"""
(* For DPP-TS-alt, for every round $t$ and every $b\in[3,B]$, $$\mathbb{E}\big[\sigma_{t,b}(x_{t,b})\big]\le \mathbb{E}\big[\sigma_{t,b-1}(x_{t,b-1})\big].$$
   Context: Setting: $f\sim GP(0,k)$ on a domain $\mathcal{X}$. Fix batch size $B\ge 3$ and horizon $T$. In each round $t$ an algorithm selects $x_{t,1},\dots,x_{t,B}\in\mathcal{X}$ before receiving feedback from round $t$, then observes $y_{t,b}=f(x_{t,b})+\epsilon_{t,b}$, $\epsilon_{t,b}$ i.i.d. $\mathcal N(0,\sigma^2)$ independent of $f$. Index pairs $(t,b)$ are ordered lexicographically; $D_{t,b}$ is the set of pairs $(x_{t',b'},y_{t',b'})$ with $(t',b')\le (t,b)$; $D_{t,0}:=D_{t-1,B}$, $D_{0,B}:=\emptyset$. $\sigma^2_{t,b}(x)$ is the GP posterior variance of $f(x)$ given $D_{t,b-1}$ (depending only on observed locations). $p_{\max,t}$ is the law of $\arg\max_x\tilde f(x)$ with $\tilde f$ drawn from the posterior of $f$ given $D_{t-1,B}$. DPP-TS-alt: in round $t$, $x_{t,1}\sim p_{\max,t}$; then $(x_{t,2},\dots,x_{t,B})$ are drawn jointly from the distribution on $\mathcal{X}^{B-1}$ with density, with respect to $p_{\max,t}^{\otimes(B-1)}$, proportional to $\det(I+\sigma^{-2}K^{(t)}_X)$, where $X=(x_{t,2},\dots,x_{t,B})$ and $K^{(t)}_X$ is the matrix of the GP posterior covariance of $f$ given $D_{t-1,B}$ together with an observation at $x_{t,1}$, evaluated at the points of $X$. *)

From HB Require Import structures.
From mathcomp Require Import all_boot all_order all_algebra.
From mathcomp Require Import all_classical all_reals all_analysis.
Set Implicit Arguments. Unset Strict Implicit. Unset Printing Implicit Defensive.
Import Order.TTheory GRing.Theory Num.Theory.
Local Open Scope ring_scope.

Section GPDefs.
Context {R : realType} {d : measure_display} {X : measurableType d}.

Definition gram (k : X -> X -> R) (s : seq X) : 'M[R]_(size s) :=
  \matrix_(i, j) k (tnth (in_tuple s) i) (tnth (in_tuple s) j).

Definition kvec (k : X -> X -> R) (s : seq X) (x : X) : 'cV[R]_(size s) :=
  \col_i k (tnth (in_tuple s) i) x.

(* GP posterior covariance of f(x), f(y) given noisy observations
   (noise variance s2) at the locations s. *)
Definition post_cov (s2 : R) (k : X -> X -> R) (s : seq X) (x y : X) : R :=
  k x y - ((kvec k s x)^T *m invmx (gram k s + s2%:M) *m kvec k s y) 0 0.

Definition post_sd (s2 : R) (k : X -> X -> R) (s : seq X) (x : X) : R :=
  Num.sqrt (post_cov s2 k s x x).

Definition dpp_weight (s2 : R) (k : X -> X -> R) (S : seq X) (x1 : X)
    (xs : seq X) : R :=
  \det (1%:M + s2^-1 *: \matrix_(i, j)
      post_cov s2 k (rcons S x1) (tnth (in_tuple xs) i) (tnth (in_tuple xs) j)).

Local Open Scope ereal_scope.

(* iterated integral w.r.t. p^{(x) n} of F over lists of length n *)
Fixpoint iint (p : {measure set X -> \bar R}) (n : nat)
    (F : seq X -> \bar R) {struct n} : \bar R :=
  match n with
  | 0 => F [::]
  | n'.+1 => \int[p]_x iint p n' (fun s => F (x :: s))
  end.

(* Expectation of g(x_{t,1}, (x_{t,2},...,x_{t,B})) under one round of
   DPP-TS-alt, conditionally on D_{t-1,B} (locations S), when
   p = p_{max,t}: x1 ~ p, then (x2..xB) has density proportional to
   dpp_weight w.r.t. p^{(x)(B-1)}. *)
Definition round_exp (p : probability X R) (s2 : R) (k : X -> X -> R)
    (B : nat) (S : seq X) (g : X -> seq X -> R) : \bar R :=
  \int[p]_x1
    (iint p B.-1 (fun xs => (dpp_weight s2 k S x1 xs * g x1 xs)%:E) *
     ((fine (iint p B.-1 (fun xs => (dpp_weight s2 k S x1 xs)%:E)))^-1)%:E).

End GPDefs.

(* sigma_{t,b}(x_{t,b}) as a function of x_{t,1} and (x_{t,2},...,x_{t,B}):
   posterior sd given D_{t,b-1}, i.e. S ++ (x_{t,1},...,x_{t,b-1}). *)
Definition sd_tb {R : realType} {d : measure_display} {X : measurableType d}
    (s2 : R) (k : X -> X -> R) (S : seq X) (b : nat) (x1 : X) (xs : seq X) : R :=
  post_sd s2 k (S ++ take b.-1 (x1 :: xs)) (nth x1 (x1 :: xs) b.-1).

From HB Require Import structures.
From mathcomp Require Import all_boot all_order all_algebra.
From mathcomp Require Import all_classical all_reals all_analysis.
From mathcomp Require Import fingroup perm measurable_realfun lra zify.
Import Order.TTheory GRing.Theory Num.Theory.
Local Open Scope classical_set_scope.
Local Open Scope ring_scope.

(* Fix x_{t,1} and the first b-3 points of the batch and compare the
   remaining iterated integrals.  The DPP weight det(I + K/s2) only depends on
   the batch as a multiset, so by Tonelli one may exchange x_{t,b-1} and
   x_{t,b} in the b-1 integrand.  After the exchange both standard deviations
   are taken at the same point, sigma_{t,b} conditioned on one more
   observation; adding an observation can only decrease the posterior
   variance, since the posterior variance is the least mean squared error of a
   linear predictor and predictors from fewer points remain available.  All
   integrands are nonnegative, because det(I + N) >= 0 for positive
   semidefinite N and the posterior covariance is positive semidefinite (a
   Schur complement). *)

Section nonneg_integral.
Local Open Scope ereal_scope.
Context {d : measure_display} {T : measurableType d} {R : realType}.
Variable mu : {measure set T -> \bar R}.
(* Let $r\ge5$ and let $C$ be a graph on $r+1$ vertices that has no vertex cover of size $1$. Let $c_3$ be the number of $3$-element vertex subsets of $C$ that are vertex covers. If \[ 4r-16+\frac{36}{r+2}\le c_3<4r-8, \] then $C$ is the disjoint union of a $K_3$ with isolated vertices, or the disjoint union of a $P_4$ (path on $4$ vertices) with isolated vertices.
   Context: A vertex cover of a graph is a set of vertices meeting every edge. *)

From HB Require Import structures.
From mathcomp Require Import all_boot all_order all_algebra.
Set Implicit Arguments. Unset Strict Implicit. Unset Printing Implicit Defensive.

Definition simple_graph (T : finType) (e : rel T) : Prop :=
  symmetric e /\ irreflexive e.

Definition vertex_cover (T : finType) (e : rel T) (S : {set T}) : bool :=
  [forall x, forall y, e x y ==> (x \in S) || (y \in S)].

Definition num_covers (T : finType) (e : rel T) (k : nat) : nat :=
  #|[set S : {set T} | (#|S| == k) && vertex_cover e S]|.

Definition K3_plus_isolated (T : finType) (e : rel T) : Prop :=
  exists a b c : T, [/\ a != b, b != c & a != c] /\
    forall x y, e x y <->
      [\/ (x == a) && (y == b) || (x == b) && (y == a),
          (x == b) && (y == c) || (x == c) && (y == b)
        | (x == a) && (y == c) || (x == c) && (y == a)].

Definition P4_plus_isolated (T : finType) (e : rel T) : Prop :=
  exists a b c d : T, uniq [:: a; b; c; d] /\
    forall x y, e x y <->
      [\/ (x == a) && (y == b) || (x == b) && (y == a),
          (x == b) && (y == c) || (x == c) && (y == b)
        | (x == c) && (y == d) || (x == d) && (y == c)].

From HB Require Import structures.
From mathcomp Require Import all_boot all_order all_algebra.
From mathcomp Require Import zify lra.
Import Order.TTheory GRing.Theory Num.Theory.

(* If no two vertices cover C, every 3-cover is reached by choosing, three
   times, an endpoint of an edge not yet covered, so c_3 <= 8, which is below
   the lower bound.  Otherwise fix a 2-cover {u, v} and sort the 3-covers S by
   I = S :&: {u, v}: with O = {u, v} :\: I, they are exactly the 3-sets
   containing I and all neighbours of O while avoiding O.  Counting these four
   blocks gives c_3 <= 2n - 3 with n = r + 1 (again below the lower bound)
   unless u or v has a single neighbour outside {u, v}; then the graph is K_3
   or P_4 plus isolated vertices, or two disjoint edges, for which
   c_3 = 4n - 12 violates the upper bound. *)

Set Implicit Arguments.
Unset Strict Implicit.
Unset Printing Implicit Defensive.
Lemma Phi_eval_Lof f g :
  Lof s e f -> Lof s e g -> f x = g x -> Phi f x' = Phi g x'.
Proof.
move=> Lf Lg fgx.
have [g1 Lg1 [g1x eg1 <-]] := Phi_eval_stab Lf Lg fgx.
have [f_sing|f_reg] := pselect (singular s pi (pi (f x))).
  by rewrite (Lof_eq_of_separates e_x (sep f_sing) Lf Lg1 (esym eg1) (esym g1x)).
by apply: Phi_eval_regular; rewrite ?eg1 //; exact: reg.
Qed.

Hypothesis Phi_e_x' : Phi e x' = x'.

Lemma Phi_eval_Ellis k1 k2 :
  Ellis s k1 -> Ellis s k2 -> k1 x = k2 x -> Phi k1 x' = Phi k2 x'.
Proof.
move=> E1 E2 k12.
have Phi_ke k : Ellis s k -> Phi k x' = Phi (k \o e) x'.
  by move=> Ek; rewrite Phi_comp ?Phi_e_x'.
rewrite (Phi_ke k1) // (Phi_ke k2) //.
by apply: Phi_eval_Lof; [exists k1|exists k2|rewrite /= e_x].
Qed.

End EllisMorphismEval.

End MinimalIdeal.

Section FactorOfEllisMorphism.
Variables (T : zmodType) (X X' : topologicalType).
Variables (s : T -> X -> X) (s' : T -> X' -> X').
Variables (Phi : (X -> X) -> (X' -> X')) (x : X) (x' : X').
Hypotheses (s_tds : tds s) (s_min : minimal_sys s).
Hypotheses (s'_tds : tds s') (s'_min : minimal_sys s').
Hypothesis Phi_morph : ellis_morphism s s' Phi.
Hypothesis Phi_eval : forall k1 k2,
  Ellis s k1 -> Ellis s k2 -> k1 x = k2 x -> Phi k1 x' = Phi k2 x'.

Let X_hausdorff : hausdorff_space X. Proof. by case: s_tds. Qed.
Let X_compact : compact [set: X]. Proof. by case: s_tds. Qed.
Let X'_hausdorff : hausdorff_space X'. Proof. by case: s'_tds. Qed.
Let s_action : is_action s. Proof. by case: s_tds. Qed.
Let s_continuous t : continuous (s t). Proof. by case: s_tds. Qed.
"""
Each line in the records above that contains the word "apply" must be copied.

by apply: Phi_eval_regular; rewrite ?eg1 //; exact: reg.
by apply: Phi_eval_Lof; [exists k1|exists k2|rewrite /= e_x].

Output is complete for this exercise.